Today I asked myself, “Rebecca, do you want to be productive?  Or do you want to draw ridiculous cartoons and then put them up on your blog?”  And myself replied, “How did you get this number?  I told you never to call me again.”  So I took that as a sign to do the cartoons and blogging thing.  But there will be a point to it, too.  Maybe.  This post is going to lead up to that writing sample I promised you guys, so you can expect another update very soon after this one.

But first!  I drew Hamlet.  I just saw Michael Sheen play Hamlet at the Young Vic theatre here in London, and it was awesome, in case you were wondering why I drew this.

Right, so that’s done.  Now the current novel I’m working on is called Grotesque, and it is just my luck that I came up with the idea for it just as NaNoWriMo was coming to a close.  But I’m not bitter.  Even though I wrote 25,000 words in a single weekend, and could have easily reached the 50,000 word goal if I’d had the idea sooner, I’m really okay.

Anyway, Grotesque is a fantasy, even though my forte is really Urban Fantasy.  Now I realize that many people don’t actually know what Urban Fantasy is, so I have illustrated definitions for you.

Urban Fantasy is when you take the real world – cars, iPhones, email, Starbucks – and insert some element of Fantasy into it, like magic or super powers.  Observe:

A good example of this is Harry Potter. [EDIT 3/13/21: I know JK Rowling sucks, but unfortunately Harry Potter is still a good example of this that many people recognize] It’s the real world, but there are people who can do magic.  Another example is The Dresden Files.  If you have not encountered this series yet, you haven’t lived, in my professional opinion.  Jim Butcher is a genius.  Honestly.  His writing flows in a way that I rarely see, even from authors that I truly love.  He is also so funny that it should be illegal.  His main character, Harry Dresden (Now the title of this post is starting to make sense, yes?), is sarcastic, witty, and lovable.  Here’s a picture I drew to illustrate all these qualities:

The skull’s name is Bob.  No I am not kidding.  I will say that reading The Dresden Files is kind of like being in a boxing match, only your hands are tied behind your back and your opponent (That would be the book, in this analogy) gets to wail on you for as long as he wants.  It really is a very rapid-fire, out-of-the-frying-pan-and-into-the-fire type deal.  But it’s worth every bruise, metaphorically speaking.  I’ve got more to say on Harry Potter, the character, but first I want to finish up my definitions.

Fantasy is when you create an entirely new world from scratch, and that world involves things like magic, fairies, elves, and/or wizards.  Think Lord of the Rings.  Also keep in mind that these are the simplest definitions I can come up with, and that you should probably go to some form of dictionary if you want a more complex explanation.  Here’s Fantasy (Yes, I’m aware I look like a sarcastic Powerpuff Girl):

So Grotesque is a Fantasy, and I’m going to tell you, Fantasy is both a blessing and a curse.  Here’s why it’s a blessing: If you’re making up your own world from scratch, then you get to make up the rules as you go along.  The only boundaries that constrain your writing are the ones that you set up, and you can mold and change them as you see fit.
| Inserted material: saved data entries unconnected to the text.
(* Let $n\in\mathbf{N}$ and $A\subset[n]$ have property P, with $Z^{1(2)}_{(\frac29,\frac13]}$, $Z_B$, $Z_G$, $Z_{(\frac13,\frac12]}$ as in the context. Define $$B_3=2\cdot\big(Z^{1(2)}_{(\frac29,\frac13]}\cup Z_B\cup Z_G\big)\ \cup\ Z_{(\frac13,\frac12]}\ \cup\ \tfrac94\cdot Z_B\ \cup\ \big(A\cap(\tfrac n2,\tfrac{2n}{3}]\big),$$ and $A'''=\{m\in\mathbf{N}:3m\in A_{(\frac12,1]}+A_{(\frac12,1]}\}$ where $A_{(\frac12,1]}=A\cap(\frac n2,n]$. Then $B_3$ is a set of integers contained in $(\frac n3,\frac{2n}{3}]$, $|B_3|=\left|A\cap[1,\frac{2n}{3}]\right|+|Z_B|$, and $B_3\cap A'''=\emptyset$.
   Context: A set $A\subset\mathbf{N}$ has property P if there are no $x,y,z\in A$ (not necessarily distinct $x,y$) with $z<x$, $z<y$ and $z\mid x+y$. Intervals denote sets of integers. For $a\in A\cap[1,\frac n2]$ let $m_a\geqslant0$ be the unique integer with $3^{m_a}a\in(\frac n6,\frac n2]$. Define $Z=\{3^{m_a}a: a\in A\cap[1,\frac n2],\ 3^{m_a}a\in(\frac{2n}{9},\frac n2]\}\cup\{2\cdot3^{m_a}a: a\in A\cap[1,\frac n2],\ 3^{m_a}a\in(\frac n6,\frac{2n}{9}]\}$. Let $Z^{1(2)}_{(\frac29,\frac13]}=Z\cap(\frac{2n}{9},\frac n3]\cap(1+2\mathbf{Z})$; $Z_B=\{z\in Z\cap(\frac{2n}{9},\frac n3]\cap2\mathbf{Z}:\frac{3z}{2}\in Z\}$; $Z_G=\{z\in Z\cap(\frac{2n}{9},\frac n3]\cap2\mathbf{Z}:\frac{3z}{2}\notin Z\}$; $Z_{(\frac13,\frac12]}=Z\cap(\frac n3,\frac n2]$. *)

From HB Require Import structures.
From mathcomp Require Import all_boot all_order all_algebra finmap.
Set Implicit Arguments. Unset Strict Implicit. Unset Printing Implicit Defensive.
Import Order.TTheory GRing.Theory Num.Theory.
Local Open Scope fset_scope.

Definition propP (A : {fset nat}) : Prop :=
  forall x y z, x \in A -> y \in A -> z \in A ->
    (z < x)%N -> (z < y)%N -> ~~ (z %| x + y).

Definition in_16_12 (n x : nat) : bool := (n < 6 * x)%N && (2 * x <= n)%N.

(* m_a : the unique m >= 0 with 3^m a in (n/6, n/2]; for 1 <= a <= n/2 it
   is at most n, so it is found by a search over 0..n. *)
Definition m_a (n a : nat) : nat := find (fun m => in_16_12 n (3 ^ m * a)) (iota 0 n.+1).

Definition y_a (n a : nat) : nat := 3 ^ (m_a n a) * a.

Definition A_low (n : nat) (A : {fset nat}) : {fset nat} :=
  [fset a in A | (1 <= a)%N && (2 * a <= n)%N].

Definition Zset (n : nat) (A : {fset nat}) : {fset nat} :=
  [fset y_a n a | a in A_low n A & (2 * n < 9 * y_a n a)%N]
  `|` [fset 2 * y_a n a | a in A_low n A & (9 * y_a n a <= 2 * n)%N].

Definition Z_29_13 (n : nat) (A : {fset nat}) : {fset nat} :=
  [fset z in Zset n A | (2 * n < 9 * z)%N && (3 * z <= n)%N].

Definition Z_odd (n : nat) (A : {fset nat}) : {fset nat} :=
  [fset z in Z_29_13 n A | odd z].

Definition Z_B (n : nat) (A : {fset nat}) : {fset nat} :=
  [fset z in Z_29_13 n A | ~~ odd z & (3 * z./2 \in Zset n A)].

Definition Z_G (n : nat) (A : {fset nat}) : {fset nat} :=
  [fset z in Z_29_13 n A | ~~ odd z & (3 * z./2 \notin Zset n A)].

Definition Z_13_12 (n : nat) (A : {fset nat}) : {fset nat} :=
  [fset z in Zset n A | (n < 3 * z)%N && (2 * z <= n)%N].

Local Open Scope ring_scope.

(* B_3, as a finite set of rationals (9/4 * Z_B is a priori rational). *)
Definition B3 (n : nat) (A : {fset nat}) : {fset rat} :=
  [fset ((2 * z)%N%:R : rat) | z in Z_odd n A `|` Z_B n A `|` Z_G n A]
  `|` [fset (z%:R : rat) | z in Z_13_12 n A]
  `|` [fset ((9%:R / 4%:R) * z%:R : rat) | z in Z_B n A]
  `|` [fset (a%:R : rat) | a in [fset a in A | (n < 2 * a)%N && (3 * a <= 2 * n)%N]].

Definition A_high (n : nat) (A : {fset nat}) : {fset nat} :=
  [fset a in A | (n < 2 * a)%N && (a <= n)%N].

Definition A3 (n : nat) (A : {fset nat}) (m : nat) : Prop :=
  exists x y, x \in A_high n A /\ y \in A_high n A /\ (3 * m = x + y)%N.

(* Everything rests on one consequence of property P: if a, b are in A and
   a | 2b, then b <= a (take x = y = b and z = a).  Hence 3^i a = 3^j b
   forces a = b, and 2 * 3^i a = 3^j b is impossible for positive a, b in A.

   Z is the image of A /\ [1, n/2] under a |-> z_of n a (which is 3^m a or
   2 * 3^m a), a map that is injective by the facts above.  B_3 is the image
   in the rationals of the set of naturals
     B3_nat = 2 Z_(2/9,1/3]  U  Z_(1/3,1/2]  U  9/4 Z_B  U  A_(1/2,2/3],
   since 9z/4 = 3 y_a b is integral for z in Z_B.  Each element of B3_nat lies
   in (n/3, 2n/3] and is a multiple of an element of A, and no such multiple
   lies in A'''.  Finally the four pieces are pairwise disjoint, and their
   sizes add up to |A /\ [1, 2n/3]| + |Z_B|. *)

From HB Require Import structures.
From mathcomp Require Import all_boot all_order all_algebra finmap zify.
Import Order.TTheory GRing.Theory Num.Theory.
Local Open Scope fset_scope.

Lemma pow3_cancel i k a b : 3 ^ (i + k) * a = 3 ^ i * b -> 3 ^ k * a = b.
Proof. by rewrite expnD -mulnA => /eqP; rewrite eqn_pmul2l ?expn_gt0 // => /eqP. Qed.

Lemma card_fsetU_disjoint (K : choiceType) (X Y : {fset K}) :
  [disjoint X & Y] -> #|` X `|` Y| = (#|` X| + #|` Y|)%N.
Proof. by move=> dXY; rewrite -cardfsUI disjoint_fsetI0 // cardfs0 addn0. Qed.

Lemma in_fset_sep (K : choiceType) (S : {fset K}) (P : pred K) (x : K) :
  (x \in [fset y in S | P y]) = (x \in S) && P x.
Proof. by rewrite inE. Qed.

Section PropertyP.

Context {A : {fset nat}}.
Hypothesis hP : propP A.

Lemma propP_dvd_double {a b : nat} : a \in A -> b \in A -> a %| 2 * b -> b <= a.
Proof.
move=> aA bA dvd_ab; rewrite leqNgt; apply/negP => lt_ab.
by have := hP b b a bA bA aA lt_ab lt_ab; rewrite addnn -mul2n dvd_ab.
Qed.

Lemma pow3_eq_A (i j : nat) {a b : nat} :
  a \in A -> b \in A -> 3 ^ i * a = 3 ^ j * b -> a = b.
Proof.
wlog le_ij : i j a b / i <= j => [hwlog|] aA bA e.
  case: (leqP i j) => [|/ltnW] h; first exact: (hwlog i j).
  by symmetry; apply: (hwlog j i).
have ea : 3 ^ (j - i) * b = a by apply: (pow3_cancel i); rewrite subnKC.
have le_ab : a <= b.
  by apply: propP_dvd_double bA aA _; rewrite -ea dvdn_mull // dvdn_mull.
by apply/eqP; rewrite eqn_leq le_ab -{1}ea leq_pmull ?expn_gt0.
Qed.

Lemma pow3_double_neq (i j : nat) {a b : nat} :
  0 < a -> 0 < b -> a \in A -> b \in A -> 2 * (3 ^ i * a) <> 3 ^ j * b.
Proof.
move=> a_gt0 b_gt0 aA bA e; case: (leqP j i) => [le_ji | lt_ij].
- have eb : 3 ^ (i - j) * (2 * a) = b.
    by apply: (pow3_cancel j); rewrite subnKC // -e mulnCA.
  have : b <= a.
    by apply: propP_dvd_double aA bA _; rewrite -eb !dvdn_mull.
  by have := leq_pmull (2 * a) (expn_gt0 3 (i - j)); rewrite eb; lia.
- have ea : 3 ^ (j - i) * b = 2 * a.
    by apply: (pow3_cancel i); rewrite subnKC ?(ltnW lt_ij) // -e mulnCA.
  have : a <= b.
    by apply: propP_dvd_double bA aA _; rewrite -ea dvdn_mull.
  have : 3 * b <= 3 ^ (j - i) * b.
    by rewrite leq_mul2r -{1}(expn1 3) leq_pexp2l ?orbT // subn_gt0.
  by rewrite ea; lia.
Qed.

End PropertyP.

(* y_a n a is the representative 3^m a of a in (n/6, n/2]: the search in
   m_a succeeds since the largest m with 2 * 3^m a <= n is at most n. *)
Lemma y_aP {n a : nat} : 0 < a -> 2 * a <= n -> n < 6 * y_a n a /\ 2 * y_a n a <= n.
Proof.
move=> a_gt0 a_le.
have ex : exists m, 2 * (3 ^ m * a) <= n by exists 0; rewrite expn0 mul1n.
have ub m : 2 * (3 ^ m * a) <= n -> m <= n.
  by move=> h; have := ltn_expl m (isT : 1 < 3); nia.
case: (ex_maxnP ex ub) => m hm hmax.
have hin : in_16_12 n (3 ^ m * a).
  have : ~~ (2 * (3 ^ m.+1 * a) <= n) by apply/negP => /hmax; rewrite ltnn.
  rewrite /in_16_12 expnS => hm1; apply/andP; split; lia.
have hh : has (fun m => in_16_12 n (3 ^ m * a)) (iota 0 n.+1).
  by apply/hasP; exists m => //; rewrite mem_iota /= add0n ltnS; exact: ub.
have := nth_find 0 hh.
rewrite nth_iota ?add0n; last by move: hh; rewrite has_find size_iota.
by rewrite /y_a /m_a /in_16_12 => /andP[].
Qed.

Definition z_of (n a : nat) : nat :=
  if 2 * n < 9 * y_a n a then y_a n a else 2 * y_a n a.

Lemma Zset_image (n : nat) (A : {fset nat}) :
  Zset n A = [fset z_of n a | a in A_low n A].
Proof.
apply/fsetP => z; rewrite in_fsetU; apply/orP/imfsetP => [[]|[a aL ->]].
- by case/imfsetP => a /andP[aL big] ->; exists a; rewrite // /z_of big.
- by case/imfsetP => a /andP[aL small] ->; exists a; rewrite // /z_of ltnNge small.
- rewrite /z_of; case: ifP => big; [left | right]; apply/imfsetP; exists a => //.
  all: apply/andP; split => //; by rewrite leqNgt big.
Qed.

Lemma z_ofP {n a : nat} : 0 < a -> 2 * a <= n ->
  [/\ 2 * n < 9 * z_of n a, 2 * z_of n a <= n, a %| z_of n a
    & 3 * z_of n a <= n -> z_of n a = y_a n a].
Proof.
move=> a_gt0 a_le; have [lo hi] := y_aP a_gt0 a_le.
have a_dvd : a %| y_a n a by rewrite /y_a dvdn_mull.
rewrite /z_of; case: ifP => big; split => //; try lia.
by rewrite dvdn_mull.
Qed.

Lemma A_lowP (n : nat) (A : {fset nat}) (a : nat) :
  a \in A_low n A = [&& a \in A, 0 < a & 2 * a <= n].
Proof. by rewrite inE. Qed.

(* The four pieces of B_3, as sets of naturals (9z/4 is integral for z in
   Z_B, see Z_BP), and their union. *)
Definition dbl_Zlow (n : nat) (A : {fset nat}) : {fset nat} :=
  [fset 2 * z | z in Z_29_13 n A].
Definition scaled_ZB (n : nat) (A : {fset nat}) : {fset nat} :=
  [fset 9 * z %/ 4 | z in Z_B n A].
Definition mid_A (n : nat) (A : {fset nat}) : {fset nat} :=
  [fset a in A | (n < 2 * a) && (3 * a <= 2 * n)].
Definition B3_nat (n : nat) (A : {fset nat}) : {fset nat} :=
  dbl_Zlow n A `|` Z_13_12 n A `|` scaled_ZB n A `|` mid_A n A.

Section Construction.

Context {n : nat} {A : {fset nat}}.
Hypothesis hP : propP A.

Lemma Z_lowP z : z \in Z_29_13 n A ->
  exists2 a, a \in A_low n A & [/\ z = y_a n a, 2 * n < 9 * z & 3 * z <= n].
Proof.
rewrite inE Zset_image => /andP[/imfsetP [a aL ->] /andP[lo hi]].
move: (aL); rewrite A_lowP => /and3P[_ a_gt0 a_le].
have [_ _ _ ey] := z_ofP a_gt0 a_le.
by exists a; [exact: aL | split => //; exact: ey].
Qed.

Lemma Z_highP z : z \in Z_13_12 n A ->
  exists2 a, a \in A_low n A & [/\ z = z_of n a, n < 3 * z & 2 * z <= n].
Proof.
by rewrite inE Zset_image => /andP[/imfsetP [a aL ->] /andP[lo hi]]; exists a.
Qed.

(* z in Z_B means 3z/2 is again in Z; property P forces 3z/2 = 2 y_a b with
   y_a b in (n/6, 2n/9], since 3z/2 = y_a b would give 2 * 3^i b = 3^(j+1) a. *)
Lemma Z_BP z : z \in Z_B n A ->
  exists2 b, b \in A_low n A & 3 * z = 4 * y_a n b /\ 9 * y_a n b <= 2 * n.
Proof.
rewrite inE => /andP[/Z_lowP [a aL [za _ _]] /andP[z_even]].
rewrite Zset_image => /imfsetP [b bL e3z]; exists b => //.
have ez := odd_double_half z; rewrite (negbTE z_even) add0n -mul2n in ez.
move: aL bL e3z; rewrite !A_lowP => /and3P[aA a_gt0 _] /and3P[bA b_gt0 _].
rewrite /z_of; case: ifP => big e3z; last by split; lia.
exfalso; apply: (pow3_double_neq hP (m_a n b) (m_a n a).+1 b_gt0 a_gt0 bA aA).
by rewrite expnS -mulnA -/(y_a n a) -/(y_a n b) -za -e3z; lia.
Qed.

Lemma dbl_ZlowP k : k \in dbl_Zlow n A ->
  exists2 a, a \in A_low n A &
    [/\ k = 2 * y_a n a, 2 * n < 9 * y_a n a & 3 * y_a n a <= n].
Proof. by case/imfsetP => z /Z_lowP [a aL [-> lo hi]] ->; exists a. Qed.

Lemma scaled_ZBP k : k \in scaled_ZB n A ->
  exists2 b, b \in A_low n A & k = 3 * y_a n b /\ 9 * y_a n b <= 2 * n.
Proof.
by case/imfsetP => z /Z_BP [b bL [e3z le]] ->; exists b; [exact: bL | split; lia].
Qed.

Lemma mid_AP k : k \in mid_A n A = [&& k \in A, n < 2 * k & 3 * k <= 2 * n].
Proof. by rewrite inE. Qed.

Lemma Z_low_split : Z_odd n A `|` Z_B n A `|` Z_G n A = Z_29_13 n A.
Proof.
apply/fsetP => z; rewrite /Z_odd /Z_B /Z_G.
move: (Z_29_13 n A) (Zset n A) => Zlow Z; rewrite !inE.
by case: (z \in Zlow); case: (odd z); case: (_ \in Z).
Qed.

Lemma B3_nat_range {k : nat} : k \in B3_nat n A -> n < 3 * k <= 2 * n.
Proof.
rewrite !in_fsetU -!orbA => /or4P[].
- by case/dbl_ZlowP => a _ [-> lo hi]; apply/andP; split; lia.
- by case/Z_highP => a _ [_ lo hi]; apply/andP; split; lia.
- case/scaled_ZBP => b; rewrite A_lowP => /and3P[_ b_gt0 b_le] [-> hi].
  by have [lo _] := y_aP b_gt0 b_le; apply/andP; split; lia.
- by rewrite mid_AP => /and3P[_ lo hi]; apply/andP; split; lia.
Qed.

Lemma B3_nat_divisor {k : nat} : k \in B3_nat n A -> exists2 d, d \in A & d %| k.
Proof.
rewrite !in_fsetU -!orbA => /or4P[].
- case/dbl_ZlowP => a; rewrite A_lowP => /and3P[aA _ _] [-> _ _].
  by exists a; rewrite // /y_a !dvdn_mull.
- case/Z_highP => a; rewrite A_lowP => /and3P[aA a_gt0 a_le] [-> _ _].
  by have [_ _ a_dvd _] := z_ofP a_gt0 a_le; exists a.
- case/scaled_ZBP => b; rewrite A_lowP => /and3P[bA _ _] [-> _].
  by exists b; rewrite // /y_a !dvdn_mull.
- by rewrite mid_AP => /and3P[kA _ _]; exists k.
Qed.

(* A multiple k of an element d of A is not in A''': if 3k = x + y with x, y
   in A /\ (n/2, n], then d <= k forces d < x, y, and d | x + y violates P. *)
Lemma A3_no_divisor {k d : nat} : d \in A -> d %| k -> ~ A3 n A k.
Proof.
move=> dA dk [x [y [xH [yH e]]]].
move: xH yH; rewrite !inE => /andP[xA /andP[x_lo x_hi]] /andP[yA /andP[y_lo y_hi]].
have d_le : d <= k by apply: dvdn_leq => //; lia.
have /negP := hP x y d xA yA dA ltac:(lia) ltac:(lia).
by apply; rewrite -e dvdn_mull.
Qed.

Lemma card_Zset : #|` Zset n A| = #|` A_low n A|.
Proof.
rewrite Zset_image; apply/eqP/card_in_imfsetP => a b.
rewrite !A_lowP => /and3P[aA a_gt0 _] /and3P[bA b_gt0 _].
rewrite /z_of; case: ifP => _; case: ifP => _ e.
- exact: (pow3_eq_A hP (m_a n a) (m_a n b) aA bA).
- by exfalso; apply: (pow3_double_neq hP _ _ b_gt0 a_gt0 bA aA (esym e)).
- by exfalso; apply: (pow3_double_neq hP _ _ a_gt0 b_gt0 aA bA e).
- apply: (pow3_eq_A hP (m_a n a) (m_a n b) aA bA).
  by rewrite -/(y_a n a) -/(y_a n b); lia.
Qed.

Lemma card_dbl_Zlow : #|` dbl_Zlow n A| = #|` Z_29_13 n A|.
Proof. by apply/eqP/card_in_imfsetP => x y _ _; lia. Qed.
Here’s the curse: Creating everything from scratch means that everything, absolutely everything must be explained.  And you leave yourself vulnerable to criticism and plot holes if you forget to explain something.  It’s not like Urban Fantasy, because people are already familiar with the real world, so all you have to explain is whatever fantastical element you’ve added.  In Fantasy, the existence of magic brings up all sorts of questions that you have to answer.  For example, you might have a magical farming community.  And then you have to address the question of why they bother to grow food if they’re magic.  Can’t they just pull food out of thin air?  Or at the very least plant, harvest, etc. using magic?  Those are things you have to think about.  But then you run into another problem: Everything needs explaining, but nobody wants to read a book that is 50% exposition, where the story is constantly being interrupted by paragraphs of explanation.  This leads nicely into what I wanted to talk about with Harry Potter.

I’ve noticed that there is a very convenient way to get around this explanation problem if you introduce a certain type of character into your writing.  I call this character the Neophyte, with a capital N.  Harry Potter is my favorite example of the Neophyte.  See, if you have a book in which every character already knows the rules of their world, then the reader is left out.  They either have to figure out the rules for themselves, or they’re just plain left in the dark.  Letting the reader figure things out, by the way, is not a bad option, if you do it right.  Also here’s an analogy: The aforementioned divide between characters and reader is like having all the characters in a big, fancy yacht while the reader is in a little dinghy that’s attached to the back of the yacht by a rope.  But what happens if you put a character into that dinghy with the reader?  Then, suddenly, your reader isn’t alone.  They have someone to help them row and catch up to the yacht so they can get on board and party with everyone else.  Okay, enough of this convoluted metaphor.  What I’m saying is, that’s exactly what Harry Potter does.  Because he’s new to the wizarding world, he has to have everything explained to him, which means that the reader is informed vicariously through him.  It has the added bonus of inserting explanation without having to stop the story.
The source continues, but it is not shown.